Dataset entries
---
(* the function phi^B with branches fixed by logarithms l r (of
   z_r^{1/2} - z_r^{-1/2}) and m i j (of z_i + z_i^{-1} - z_j - z_j^{-1}):
   w^mu := exp (mu * log w) *)
Definition phiB (n : nat) (mu1 mu2 : C)
  (l : nat -> (nat -> C) -> C) (m : nat -> nat -> (nat -> C) -> C)
  : (nat -> C) -> C :=
  fun z => cexp (mu1 * csum n (fun r => l r z)
                 + mu2 * csum2 n (fun i j => m i j z)).

(* Write [phi = exp Lambda] with [Lambda = mu1 sum_r l_r + mu2 sum_(i<j) m_ij], and put
   [x_r = z_r + 1/z_r], [w_r = z_r - 1/z_r].  Differentiating the defining relations
   [exp (2 l_r) = x_r - 2] and [exp m_ij = x_i - x_j] shows that [z_r d/dz_r Lambda] is
   [a_r = mu1 (z_r + 1)/(2 (z_r - 1)) + mu2 sum_(j <> r) w_r/(x_r - x_j)], so that
   [(z_r d/dz_r)^2 phi = (a_r^2 + z_r d/dz_r a_r) phi].  The claim is then a rational
   identity.  Expanding [sum_r a_r^2], the diagonal terms give [n mu1^2/4]; the terms
   attached to a pair {i, j} give [n(n-1)/2 (mu1 mu2 + mu2^2)] once combined with the
   potential; and those attached to a triple {a, b, c} give [n(n-1)(n-2)/3 mu2^2],
   because the symmetrisation of [w_a^2/((x_a - x_b)(x_a - x_c))] is the Lagrange
   interpolation sum of [X^2 - 4 = w^2] at three nodes, which equals 1. *)

From Stdlib Require Import Reals List Lra Lia Psatz ClassicalEpsilon FunctionalExtensionality.
From Coquelicot Require Import Coquelicot.
Open Scope C_scope.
---
PROBLEM REQUIREMENTS
Print, exactly as they appear above, the lines running from the one with "[a_r = mu1 (z_r" through the final line.

YOUR RESPONSE
   [a_r = mu1 (z_r + 1)/(2 (z_r - 1)) + mu2 sum_(j <> r) w_r/(x_r - x_j)], so that
   [(z_r d/dz_r)^2 phi = (a_r^2 + z_r d/dz_r a_r) phi].  The claim is then a rational
   identity.  Expanding [sum_r a_r^2], the diagonal terms give [n mu1^2/4]; the terms
   attached to a pair {i, j} give [n(n-1)/2 (mu1 mu2 + mu2^2)] once combined with the
   potential; and those attached to a triple {a, b, c} give [n(n-1)(n-2)/3 mu2^2],
   because the symmetrisation of [w_a^2/((x_a - x_b)(x_a - x_c))] is the Lagrange
   interpolation sum of [X^2 - 4 = w^2] at three nodes, which equals 1. *)

From Stdlib Require Import Reals List Lra Lia Psatz ClassicalEpsilon FunctionalExtensionality.
From Coquelicot Require Import Coquelicot.
Open Scope C_scope.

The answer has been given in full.